There is an easy solution — technology. Since 2011, Washington Policy Center has held regular legislative Wake-Up Call forums throughout the state, connecting legislators via video conference to communities in Eastern Washington. Dozens of legislators and more than 1,000 citizens have participated, coming face to face — or screen to screen — with lawmakers.

The state Legislature should learn from these events and from other states and let citizens participate in the legislative process via remote connection.

Allowing the public to give lawmakers remote testimony at fixed locations around the state is not a partisan issue. It is a fairness issue. It would give citizens another opportunity to be part of the lawmaking process. And the idea has bipartisan support.

Allowing remote testimony would also help Washingtonians overcome anything Mother Nature may throw our way during the winter months that the legislature is in session, sometimes cutting off much of the state behind a wall of snow.

According to the National Conference of State Legislatures, several states already provide remote testimony options for citizens.

Nevada’s capital, Carson City, is hundreds of miles away from the state’s main population center, Las Vegas. The Nevada Legislature therefore allows citizens in Las Vegas and across the state the chance to participate via teleconference.

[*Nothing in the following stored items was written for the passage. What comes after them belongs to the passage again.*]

(* Let $G$ satisfy conditions (1)–(5) below, with $d$ vertices and genus $g$, and let $C_G\subset\mathbb{P}^{d-g}$ be the union of lines defined by an admissible labeling of $\tilde G$ (see context). Suppose $w$ is a vertex of degree $3$ whose edges are labeled $e_j$, $e_k$, $e_j-e_k$. If we interchange the labels $e_j$ and $e_j-e_k$ on the edges meeting at $w$, then the union of lines associated to the new labeling is the image of the original $C_G$ under a linear automorphism $\sigma$ of $\mathbb{P}^{d-g}$ that is an involution ($\sigma^2=\mathrm{id}$).
   Context: Work over an algebraically closed field $k$ of characteristic zero, $S=k[x_0,\ldots,x_{d-g}]$. Conditions on the finite graph $G=(V,E)$, $d=|V|$, $g=|E|-d+1$: (1) connected; (2) simple; (3) every vertex has degree at most $3$ and some vertex has degree less than $3$; (4) the shortest path between any two distinct vertices of degree $3$ has at least $3$ edges; (5) no triangles. Let $\tilde G$ be obtained from $G$ by attaching one loop at each vertex of degree $1$. An admissible labeling of the edges of $\tilde G$: for each vertex of degree $3$ choose two indices $j\neq k$ in $\{0,\ldots,d-g\}$ and label its three edges $e_j,e_k,e_j-e_k$; label each remaining edge $e_i$ with an unused index, distinct indices being used throughout. An index $i$ appears on an edge labeled $e_i$ or $\pm(e_i-e_j)$. For each vertex $v$: if $v$ has degree $3$ with edges $e_j,e_k,e_j-e_k$, $I_v=(x_i : i\neq j,k)$; otherwise $I_v$ is generated by the $x_i$ with $i$ not appearing on an edge of $\tilde G$ at $v$, together with $x_j-x_k$ if some edge at $v$ is labeled $e_j-e_k$. Then $L_v=V(I_v)$ is a line and $C_G=\bigcup_v L_v$. *)

From HB Require Import structures.
From mathcomp Require Import all_boot all_order all_algebra.
Set Implicit Arguments. Unset Strict Implicit. Unset Printing Implicit Defensive.
Import Order.TTheory GRing.Theory Num.Theory.

Section GraphDefs.
Variable V : finType.
Variable adj : rel V.

Definition deg (v : V) : nat := #|[set u | adj v u]|.

Definition gedges : {set {set V}} :=
  [set E | [exists u, exists v, adj u v && (E == [set u; v])]].

(** edges of G~ : edges of G plus one loop (a 1-element set {v}) at each
    vertex of degree 1 *)
Definition tedges : {set {set V}} :=
  gedges :|: [set E | [exists v, (deg v == 1%N) && (E == [set v])]].

Definition genus : nat := (#|gedges| + 1 - #|V|)%N.

Definition good_graph : Prop :=
  [/\ (forall u v, connect adj u v),
      symmetric adj /\ irreflexive adj,
      (forall v, deg v <= 3)%N /\ (exists v, deg v < 3)%N,
      (forall u v, deg u = 3%N -> deg v = 3%N -> u != v ->
          ~~ adj u v /\ ~ (exists x, adj u x && adj x v))
    & (forall a b c, ~~ [&& adj a b, adj b c & adj c a])].
End GraphDefs.

(** labels: [Single i] is e_i, [Diff j k] is e_j - e_k *)
Inductive label (N : nat) : Type :=
| Single of 'I_N
| Diff of 'I_N & 'I_N.
Arguments Single {N}.
Arguments Diff {N}.

Section Labeling.
Variables (V : finType) (adj : rel V) (N : nat).
Variable lab : {set V} -> label N.

Definition appears (i : 'I_N) (l : label N) : Prop :=
  l = Single i \/ exists j, l = Diff i j \/ l = Diff j i.

Definition appears_at (v : V) (i : 'I_N) : Prop :=
  exists2 E, E \in tedges adj & v \in E /\ appears i (lab E).

Definition labels_at_are (v : V) (j k : 'I_N) : Prop :=
  [/\ (forall E, E \in tedges adj -> v \in E ->
         lab E = Single j \/ lab E = Single k \/ lab E = Diff j k),
      (exists2 E, E \in tedges adj & v \in E /\ lab E = Single j),
      (exists2 E, E \in tedges adj & v \in E /\ lab E = Single k)
    & (exists2 E, E \in tedges adj & v \in E /\ lab E = Diff j k)].

Definition remaining (E : {set V}) : Prop :=
  E \in tedges adj /\ forall v, v \in E -> deg adj v <> 3%N.

Definition admissible : Prop :=
  exists c : V -> 'I_N * 'I_N,
  [/\ (forall v, deg adj v = 3%N ->
          (c v).1 <> (c v).2 /\ labels_at_are v (c v).1 (c v).2),
      (forall E, remaining E -> exists i, lab E = Single i),
      (forall v v', deg adj v = 3%N -> deg adj v' = 3%N -> v <> v' ->
          forall i, (i = (c v).1 \/ i = (c v).2) ->
                    i <> (c v').1 /\ i <> (c v').2),
      (forall v E i, deg adj v = 3%N -> remaining E -> lab E = Single i ->
          i <> (c v).1 /\ i <> (c v).2)
    & (forall E E' i, remaining E -> remaining E' ->
          lab E = Single i -> lab E' = Single i -> E = E')].

(** the line L_v = V(I_v), as its affine cone in K^N *)
Definition on_line (K : fieldType) (v : V) (x : 'cV[K]_N) : Prop :=
  if deg adj v == 3%N then
    forall i, ~ appears_at v i -> x i ord0 = 0%R
  else
    (forall i, ~ appears_at v i -> x i ord0 = 0%R) /\
    (forall E j k, E \in tedges adj -> v \in E -> lab E = Diff j k ->
       x j ord0 = x k ord0).

Definition on_curve (K : fieldType) (x : 'cV[K]_N) : Prop :=
  exists v, on_line v x.
End Labeling.

Definition swap_labels (V : finType) (N : nat) (lab : {set V} -> label N)
    (w : V) (j k : 'I_N) : {set V} -> label N :=
  fun E =>
    if w \in E then
      match lab E with
      | Single i => if i == j then Diff j k else Single i
      | Diff a b => if (a == j) && (b == k) then Single j else Diff a b
      end
    else lab E.

(* Let sigma be the involution x_k |-> x_j - x_k of K^N.  Vertex by vertex,
   the line of the new labeling is the image under sigma of the old one.  At w
   only the coordinates outside {j, k} are constrained, and sigma fixes them.
   A vertex with no edge to w keeps its labels, which by admissibility avoid j
   and k, so its line lies in x_j = x_k = 0, where sigma is the identity.  A
   neighbour v of w has degree < 3 by (4) and meets w in a single edge; its
   label e_j, e_k or e_j - e_k imposes x_k = 0, x_j = 0 or x_j = x_k, and
   exchanging e_j with e_j - e_k exchanges the first and last conditions exactly
   as sigma does, while the other edges at v avoid j and k. *)

From HB Require Import structures.
From mathcomp Require Import all_boot all_order all_algebra.
Import Order.TTheory GRing.Theory Num.Theory.

Set Implicit Arguments.
Unset Strict Implicit.
Unset Printing Implicit Defensive.
Local Open Scope ring_scope.

Definition appearsb N (i : 'I_N) (l : label N) : bool :=
  match l with Single a => a == i | Diff a b => (a == i) || (b == i) end.

Lemma appearsP N (i : 'I_N) (l : label N) : reflect (appears i l) (appearsb i l).
Proof.
apply: (iffP idP).
- case: l => [a /eqP ->|a b /orP [/eqP ->|/eqP ->]]; first by left.
  + by right; exists b; left.
  + by right; exists a; right.
- by case=> [->|[a [->|->]]] /=; rewrite eqxx ?orbT.
Qed.

Definition jk_label N (j k : 'I_N) (l : label N) : Prop :=
  l = Single j \/ l = Single k \/ l = Diff j k.

Lemma appears_jk_label N (j k i : 'I_N) (l : label N) :
  jk_label j k l -> appears i l -> i = j \/ i = k.
Proof.
by case=> [|[]] -> /appearsP /=; [move/eqP; left | move/eqP; right | case/orP=> /eqP; auto].
Qed.

Definition swap_label N (j k : 'I_N) (l : label N) : label N :=
  match l with
  | Single i => if i == j then Diff j k else Single i
  | Diff a b => if (a == j) && (b == k) then Single j else Diff a b
  end.

Lemma swap_labelsE (V : finType) N (lab : {set V} -> label N) w (j k : 'I_N) E :
  swap_labels lab w j k E = if w \in E then swap_label j k (lab E) else lab E.
Proof. by []. Qed.

Section SwapMatrix.
Variables (K : fieldType) (N : nat) (j k : 'I_N).
Hypothesis neq_jk : j != k.

Definition swap_mx : 'M[K]_N :=
  \matrix_(a, b) (if a == k then (b == j)%:R - (b == k)%:R else (a == b)%:R).

Lemma mul_swap_mx p (B : 'M[K]_(N, p)) a b :
  (swap_mx *m B) a b = if a == k then B j b - B k b else B a b.
Proof.
rewrite mxE; under eq_bigr do rewrite mxE.
have sum_delta (c : 'I_N) : \sum_(t < N) (c == t)%:R * B t b = B c b.
  rewrite (bigD1 c) //= eqxx mul1r big1 ?addr0 // => t.
  by rewrite eq_sym => /negPf ->; rewrite mul0r.
case: eqP => [_|/eqP _]; last exact: sum_delta.
under eq_bigr do rewrite mulrBl.
by rewrite sumrB; congr (_ - _); rewrite -sum_delta; apply: eq_bigr => t _; rewrite eq_sym.
Qed.

Lemma swap_mxK : swap_mx *m swap_mx = 1%:M.
Proof.
apply/matrixP => a b; rewrite mul_swap_mx !mxE (negPf neq_jk) eqxx.
have [-> | //] := eqVneq a k.
by rewrite (eq_sym b j) (eq_sym b k) opprB addrC subrK.
Qed.

Lemma swap_mx_unit : swap_mx \in unitmx.
Proof. exact: (mulmx1_unit swap_mxK).1. Qed.

Lemma swap_mx_j (x : 'cV[K]_N) : (swap_mx *m x) j ord0 = x j ord0.
Proof. by rewrite mul_swap_mx (negPf neq_jk). Qed.

Lemma swap_mx_k (x : 'cV[K]_N) : (swap_mx *m x) k ord0 = x j ord0 - x k ord0.
Proof. by rewrite mul_swap_mx eqxx. Qed.

Lemma swap_mx_id (x : 'cV[K]_N) i : i != k -> (swap_mx *m x) i ord0 = x i ord0.
Proof. by move=> /negPf ik; rewrite mul_swap_mx ik. Qed.

Lemma swap_mx_fixed (x : 'cV[K]_N) : x j ord0 = 0 -> x k ord0 = 0 -> swap_mx *m x = x.
Proof.
move=> xj0 xk0; apply/matrixP => a b; rewrite [b]ord1 mul_swap_mx.
by case: eqP => // ->; rewrite xj0 xk0 subr0.
Qed.

End SwapMatrix.

Arguments swap_mx K {N}.

Section SwapLabelMatrix.
Variables (K : fieldType) (N : nat) (j k : 'I_N).
Hypothesis neq_jk : j != k.
Local Notation M := (swap_mx K j k).

Lemma jk_label_swap l : jk_label j k l -> jk_label j k (swap_label j k l).
Proof.
by rewrite /jk_label => -[|[]] -> /=; rewrite ?eqxx ?(eq_sym k j) ?(negPf neq_jk); auto.
Qed.

Definition edge_cond (l : label N) (x : 'cV[K]_N) : Prop :=
  [/\ ~~ appearsb j l -> x j ord0 = 0, ~~ appearsb k l -> x k ord0 = 0
    & forall a b, l = Diff a b -> x a ord0 = x b ord0].

Lemma edge_cond_swap l (x : 'cV[K]_N) : jk_label j k l ->
  edge_cond (swap_label j k l) x <-> edge_cond l (M *m x).
Proof.
rewrite /edge_cond swap_mx_j // swap_mx_k //.
have kj : (k == j) = false by rewrite eq_sym (negPf neq_jk).
case=> [|[]] -> /=; rewrite !eqxx ?kj ?(negPf neq_jk) /= ?eqxx ?kj ?(negPf neq_jk) /=.
- split=> [[_ _ /(_ j k erefl) ->] | [_ /(_ isT) /eqP]]; first by split=> // _; rewrite subrr.
  by rewrite subr_eq0 => /eqP xjk; split=> // _ _ [<- <-].
- by split=> -[xj0 _ _].
- split=> [[_ /(_ isT) xk0 _] | [_ _ /(_ j k erefl)]].
    by split=> // _ _ [<- <-]; rewrite swap_mx_j // swap_mx_k // xk0 subr0.
  rewrite swap_mx_j // swap_mx_k // => /eqP.
  by rewrite -subr_eq0 opprB addrC subrK => /eqP xk0; split.
Qed.

End SwapLabelMatrix.

Section LocalConditions.
Variables (K : fieldType) (V : finType) (adj : rel V) (N : nat).
Implicit Types (L : {set V} -> label N) (u v : V) (E : {set V}) (x : 'cV[K]_N).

Not only does this technology allow citizens from across Nevada to connect with their lawmakers, it also has the capability to bring in expert testimony from across the country and around the world to help inform the legislative debate. Washington Policy Center experts recently testified before the Nevada Legislature comfortably and economically from our office in Olympia via teleconference.

In Alaska, where the capitol is geographically set apart from much of the state’s main population area, citizens almost always testify via remote location.

If the legislature truly wishes to hear from all of our state’s citizens, it needs to give those citizens the opportunity to be a part of the process while enacting meaningful transparency reforms.

We stand ready to help lawmakers learn from our example with the legislative Wake-Up Call forums to help make remote testimony for citizens a reality in Washington. This would truly allow us to be one state when it comes to citizen participation in the lawmaking process. The good news is, several lawmakers have already expressed interest in moving this reform forward.

Chris Cargill is Eastern Washington office director for the Washington Policy Center. Jason Mercier is director of the organization’s Center for Government Reform.